Best Practice when Writing PySpark DataFrames to MySQL

df_tsv = spark.read.csv(tsv_file, sep=r'\t', header=True)
df_tsv.write.jdbc(url=mysql_url, table=mysql_table, mode="append", properties={"user":mysql_user, "password": mysql_password, "driver": "com.mysql.cj.jdbc.Driver" })


java.lang.ClassNotFoundException: com.mysql.cj.jdbc.Driver

The first thing that I want to know is how I can solve the above issue.

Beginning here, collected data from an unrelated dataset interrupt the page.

(* Suppose $S\subseteq\mathbb{N}^{\mathbb{N}}$ is defined by a sentence $\exists x\,\forall y\,\phi$ of $\mathscr{L}_{\max}$, where $\phi$ is quantifier-free. Then $S$ is overguessable.
   Context: $\mathbb{N}^{<\mathbb{N}}$ denotes the finite sequences of naturals. $S\subseteq\mathbb{N}^{\mathbb{N}}$ is overguessable if there is a function $\mu:\mathbb{N}^{<\mathbb{N}}\to\mathbb{N}\cup\{\infty\}$ such that (1) for every $f\in S$, the values $\mu(f(0),\ldots,f(n))$ are bounded by some finite number for all sufficiently large $n$; and (2) for every $f\notin S$, $\mu(f(0),\ldots,f(n))\to\infty$ as $n\to\infty$. The language $\mathscr{L}_{\max}$ is a first-order language extended with ellipses: constant symbols $\mathbf{n}$ (also $\bar n$) for each $n\in\mathbb{N}$; an $n$-ary function symbol $\tilde w$ for each $w:\mathbb{N}^n\to\mathbb{N}$ ($n>0$); an $n$-ary predicate symbol $\tilde p$ for each $p\subseteq\mathbb{N}^n$ ($n>0$); an $\mathbb{N}^{<\mathbb{N}}$-ary function symbol $\tilde G$ for each $G:\mathbb{N}^{<\mathbb{N}}\to\mathbb{N}$ (applicable to any finite number of arguments); a unary function symbol $\mathbf{f}$; and a symbol $\cdots_x$ for each variable $x$. Besides the usual terms, for $\mathbb{N}^{<\mathbb{N}}$-ary $G$, terms $u,v$ and variable $x$, $G(u(\mathbf{0}),\cdots_x,u(v))$ is a term with free variables $(FV(u)\setminus\{x\})\cup FV(v)$. Formulas are built as usual. For $f:\mathbb{N}\to\mathbb{N}$, $\mathscr{M}_f$ is the structure on $\mathbb{N}$ interpreting every symbol as the object it names and $\mathbf{f}$ as $f$; terms are evaluated as usual, plus $G(u(\mathbf{0}),\cdots_x,u(v))^{s}=G\big(u(x|\mathbf{0})^{s},\ldots,u(x|\overline{v^{s}})^{s}\big)$ under an assignment $s$, where $u(x|c)$ is substitution of the constant $c$ for $x$ in $u$. A sentence $\phi$ defines $S\subseteq\mathbb{N}^{\mathbb{N}}$ if for every $f:\mathbb{N}\to\mathbb{N}$, $\mathscr{M}_f\models\phi$ iff $f\in S$. *)

From mathcomp Require Import all_boot.
Set Implicit Arguments. Unset Strict Implicit. Unset Printing Implicit Defensive.

Inductive term : Type :=
| TVar  : nat -> term
| TConst : nat -> term
| TApp  : forall n : nat, (('I_n.+1 -> nat) -> nat) ->
            ('I_n.+1 -> term) -> term
| TG    : (seq nat -> nat) -> forall n : nat, ('I_n -> term) -> term
| Tf    : term -> term
| TEll  : (seq nat -> nat) -> nat -> term -> term -> term. (* G(u(0),...x,u(v)) : TEll G x u v *)

Inductive formula : Type :=
| FEq   : term -> term -> formula
| FPred : forall n : nat, (('I_n.+1 -> nat) -> Prop) ->
            ('I_n.+1 -> term) -> formula
| FNot  : formula -> formula
| FAnd  : formula -> formula -> formula
| FOr   : formula -> formula -> formula
| FImp  : formula -> formula -> formula
| FAll  : nat -> formula -> formula
| FEx   : nat -> formula -> formula.

Fixpoint free_t (t : term) (z : nat) : bool :=
  match t with
  | TVar k => k == z
  | TConst _ => false
  | TApp n _ args => [exists i, free_t (args i) z]
  | TG _ n args => [exists i, free_t (args i) z]
  | Tf u => free_t u z
  | TEll _ x u v => ((z != x) && free_t u z) || free_t v z
  end.

Fixpoint free_f (phi : formula) (z : nat) : bool :=
  match phi with
  | FEq a b => free_t a z || free_t b z
  | FPred n _ args => [exists i, free_t (args i) z]
  | FNot p => free_f p z
  | FAnd p q | FOr p q | FImp p q => free_f p z || free_f q z
  | FAll x p | FEx x p => (z != x) && free_f p z
  end.

Definition sentence (phi : formula) : Prop := forall z, ~~ free_f phi z.

Fixpoint qfree (phi : formula) : bool :=
  match phi with
  | FEq _ _ | FPred _ _ _ => true
  | FNot p => qfree p
  | FAnd p q | FOr p q | FImp p q => qfree p && qfree q
  | FAll _ _ | FEx _ _ => false
  end.

Definition upd (s : nat -> nat) (x c : nat) : nat -> nat :=
  fun k => if k == x then c else s k.

(* For the ellipsis term, the value of the substituted
   term u(x|c) under s is computed as the value of u under s[x:=c]
   (the standard substitution lemma, c being a closed constant). *)
Fixpoint eval (f : nat -> nat) (t : term) (s : nat -> nat) : nat :=
  match t with
  | TVar k => s k
  | TConst n => n
  | TApp n w args => w (fun i => eval f (args i) s)
  | TG G n args => G [seq eval f (args i) s | i <- enum 'I_n]
  | Tf u => f (eval f u s)
  | TEll G x u v =>
      G [seq eval f u (upd s x c) | c <- iota 0 (eval f v s).+1]
  end.

Fixpoint sat (f : nat -> nat) (phi : formula) (s : nat -> nat) : Prop :=
  match phi with
  | FEq a b => eval f a s = eval f b s
  | FPred n p args => p (fun i => eval f (args i) s)
  | FNot p => ~ sat f p s
  | FAnd p q => sat f p s /\ sat f q s
  | FOr p q => sat f p s \/ sat f q s
  | FImp p q => sat f p s -> sat f q s
  | FAll x p => forall c, sat f p (upd s x c)
  | FEx x p => exists c, sat f p (upd s x c)
  end.

(* M_f |= phi for a sentence phi (assignment irrelevant; we use the zero one) *)
Definition models (f : nat -> nat) (phi : formula) : Prop := sat f phi (fun _ => 0).

Definition defines (phi : formula) (S : (nat -> nat) -> Prop) : Prop :=
  sentence phi /\ forall f, models f phi <-> S f.

(* N ∪ {∞} as option nat, None = ∞ *)
Definition initseg (f : nat -> nat) (n : nat) : seq nat := mkseq f n.+1.

Definition overguessable (S : (nat -> nat) -> Prop) : Prop :=
  exists mu : seq nat -> option nat,
    (forall f, S f -> exists B N, forall n, N <= n ->
        exists k, mu (initseg f n) = Some k /\ k <= B) /\
    (forall f, ~ S f -> forall B, exists N, forall n, N <= n ->
        match mu (initseg f n) with None => true | Some k => B < k end).

From Stdlib Require Import ClassicalEpsilon FunctionalExtensionality Classical.
From mathcomp Require Import all_boot.

Set Implicit Arguments. Unset Strict Implicit.

(* The value of a term or quantifier-free formula in [M_f] depends
   only on a finite initial segment of f, so for each witness a the set of f
   satisfying [forall y, phi(a, y)] is closed, and S is a countable union of
   closed sets.  Such a set is overguessed by letting mu(sigma) be the least
   a <= |sigma| for which some extension of sigma lies in the a-th closed set:
   along f in S this stays below a true witness, while along f outside S every
   a <= B is eventually ruled out by a finite prefix. *)

Definition eventually (P : nat -> Prop) : Prop := exists N, forall n, N <= n -> P n.

Lemma eventually_ge m : eventually (fun n => m <= n).
Proof. by exists m. Qed.

Lemma eventually_impl (P Q : nat -> Prop) :
  eventually P -> (forall n, P n -> Q n) -> eventually Q.
Proof. by move=> [N HP] PQ; exists N => n /HP /PQ. Qed.

Lemma eventually_and (P Q : nat -> Prop) :
  eventually P -> eventually Q -> eventually (fun n => P n /\ Q n).
Proof.
move=> [N HP] [M HQ]; exists (maxn N M) => n.
by rewrite geq_max => /andP[/HP hP /HQ hQ].
Qed.

Lemma eventually_all_in (I : eqType) (r : seq I) (P : I -> nat -> Prop) :
  (forall i, eventually (P i)) -> eventually (fun n => forall i, i \in r -> P i n).
Proof.
move=> HP; elim: r => [|j r IH]; first by exists 0.
apply: (eventually_impl (eventually_and (HP j) IH)) => n [Pj Pr] i.
by rewrite inE => /orP[/eqP->|/Pr].
Qed.

Lemma eventually_all_fin (I : finType) (P : I -> nat -> Prop) :
  (forall i, eventually (P i)) -> eventually (fun n => forall i, P i n).
Proof.
move=> /(eventually_all_in (enum I)) HP.
by apply: (eventually_impl HP) => n Pn i; apply: Pn; rewrite mem_enum.
Qed.

Lemma eventually_all_le (P : nat -> nat -> Prop) V :
  (forall i, eventually (P i)) -> eventually (fun n => forall i, i <= V -> P i n).
Proof.
move=> /(eventually_all_in (iota 0 V.+1)) HP.
by apply: (eventually_impl HP) => n Pn i leiV; apply: Pn; rewrite mem_iota.
Qed.

Definition agree (g f : nat -> nat) (N : nat) : Prop := forall i, i < N -> g i = f i.

Lemma eval_eventually_stable f t s :
  eventually (fun N => forall g, agree g f N -> eval g t s = eval f t s).
Proof.
elim: t s => [k|m|m w args IH|G m args IH|u IH|G x u IHu v IHv] s.
- by exists 0.
- by exists 0.
- apply: (eventually_impl (eventually_all_fin (fun i => IH i s))) => N HN g Hg /=.
  by congr (w _); apply: functional_extensionality => i; apply: HN.
- apply: (eventually_impl (eventually_all_fin (fun i => IH i s))) => N HN g Hg /=.
  by congr (G _); apply: eq_map => i; apply: HN.
- apply: (eventually_impl (eventually_and (IH s) (eventually_ge (eval f u s).+1))).
  by move=> N [HN leN] g Hg /=; rewrite HN //; apply: Hg.
- have Hu := eventually_all_le (eval f v s) (fun c => IHu (upd s x c)).
  apply: (eventually_impl (eventually_and (IHv s) Hu)) => N [HNv HNu] g Hg.
  cbn [eval]; rewrite HNv //; congr (G _); apply/eq_in_map => c.
  by rewrite mem_iota ltnS => /andP[_ lec]; apply: HNu.
Qed.

Lemma sat_eventually_stable f phi s : qfree phi ->
  eventually (fun N => forall g, agree g f N -> (sat g phi s <-> sat f phi s)).
Proof.
elim: phi s => [a b|m p args|p IH|p IHp q IHq|p IHp q IHq|p IHp q IHq|//|//] s /= qf.
- apply: (eventually_impl
    (eventually_and (eval_eventually_stable f a s) (eval_eventually_stable f b s))).
  by move=> N [Ha Hb] g Hg; rewrite Ha ?Hb.
- have Hargs := eventually_all_fin (fun i => eval_eventually_stable f (args i) s).
  apply: (eventually_impl Hargs) => N HN g Hg.
  by have -> : (fun i => eval g (args i) s) = (fun i => eval f (args i) s)
    by apply: functional_extensionality => i; apply: HN.
- by apply: (eventually_impl (IH s qf)) => N HN g /HN; tauto.
all: move/andP: qf => [/IHp Hp /IHq Hq].
all: apply: (eventually_impl (eventually_and (Hp s) (Hq s))) => N [HNp HNq] g Hg.
all: by move: (HNp g Hg) (HNq g Hg); tauto.
Qed.

Definition holds (P : Prop) : bool := if excluded_middle_informative P then true else false.

Lemma holdsP (P : Prop) : reflect P (holds P).
Proof. by rewrite /holds; case: excluded_middle_informative => ?; constructor. Qed.

Lemma find_iota_le (p : pred nat) n a : a < n -> p a -> find p (iota 0 n) <= a.
Proof.
move=> ltan pa; rewrite leqNgt; apply/negP => /(before_find 0).
by rewrite nth_iota // add0n pa.
Qed.

Lemma find_iota_gt (p : pred nat) n B :
  B < n -> (forall a, a <= B -> ~~ p a) -> B < find p (iota 0 n).
Proof.
move=> ltBn notp; rewrite ltnNge; apply/negP => leB.
have ltfn : find p (iota 0 n) < n := leq_ltn_trans leB ltBn.
have has_p : has p (iota 0 n) by rewrite has_find size_iota.
by have := nth_find 0 has_p; rewrite nth_iota // add0n (negbTE (notp _ leB)).
Qed.

Lemma agree_initseg g f n :
  (forall i, i < size (initseg f n) -> g i = nth 0 (initseg f n) i) <-> agree g f n.+1.
Proof.
by rewrite size_mkseq; split=> H i lti; rewrite H ?nth_mkseq.
Qed.

Section UnionOfClosedSets.

Variable R : (nat -> nat) -> nat -> Prop.

Hypothesis R_closed :
  forall f a, ~ R f a -> eventually (fun N => forall g, agree g f N -> ~ R g a).

Definition extendable (sigma : seq nat) (a : nat) : Prop :=
  exists g, (forall i, i < size sigma -> g i = nth 0 sigma i) /\ R g a.

Definition guess (sigma : seq nat) : nat :=
  find (fun a => holds (extendable sigma a)) (iota 0 (size sigma)).

Lemma guess_le_witness f a n : R f a -> a <= n -> guess (initseg f n) <= a.
Proof.
move=> Rfa lean; apply: find_iota_le; first by rewrite size_mkseq ltnS.
by apply/holdsP; exists f; split => //; apply/agree_initseg.
Qed.

Lemma guess_diverges f : (forall a, ~ R f a) ->
  forall B, eventually (fun n => B < guess (initseg f n)).
Proof.
move=> notR B.
apply: (eventually_impl (eventually_and (eventually_all_le B (fun a => R_closed (notR a)))
  (eventually_ge B))) => n [sep leBn].
apply: find_iota_gt; first by rewrite size_mkseq ltnS.
move=> a leaB; apply/holdsP => -[g [/agree_initseg Hg Rga]].
by apply: (sep a leaB g) => // i /ltnW; apply: Hg.
Qed.

Lemma union_of_closed_overguessable (S : (nat -> nat) -> Prop) :
  (forall f, S f <-> exists a, R f a) -> overguessable S.
Proof.
move=> defS; exists (fun sigma => Some (guess sigma)); split.
- move=> f /defS [a Rfa]; exists a, a => n lean.
  by exists (guess (initseg f n)); split => //; apply: guess_le_witness.
- move=> f notS B; apply: guess_diverges => a Rfa.
  by apply: notS; apply/defS; exists a.
Qed.

End UnionOfClosedSets.

Theorem lemma4p4 (S : (nat -> nat) -> Prop) (x y : nat) (phi : formula) :
  qfree phi -> defines (FEx x (FAll y phi)) S -> overguessable S.
Proof.
move=> qf [_ defS].
pose env a b := upd (upd (fun _ => 0) x a) y b.
apply: (@union_of_closed_overguessable (fun f a => forall b, sat f phi (env a b))).
- move=> f a /not_all_ex_not [b notsat].
  apply: (eventually_impl (sat_eventually_stable f (env a b) qf)) => N HN g Hg Rga.
  by apply: notsat; apply/(HN g Hg).
- by move=> f; rewrite -defS.
Qed.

启动 Spark 会话时需要传递 JDBC 连接器 https://spark.apache.org/docs/latest/sql-data-sources-jdbc.html

Secondly, I would like to know what the best practice is when writing data from Spark to databases like MySQL. For instance, is there an option to make it so that data from a given column in the DataFrame is stored in a specified column in the table? Or should the column names of the table be the same as those of the DataFrame?

是的,数据框列名将与 table 列名匹配。

The other option that I can think of here is to convert the DataFrame to say, a list of tuples and then use something like the mysql-python-connector to load the data into the database,

rdd = df.rdd

b = rdd.map(tuple)

data = b.collect()

# write data to database using mysql-python-connector

不,永远不会这样做,这将破坏使用 Spark(分布式计算)的所有目的。查看上面的 link,您会发现一些关于从哪里开始以及如何 read/write from/to JDBC 数据源的好建议。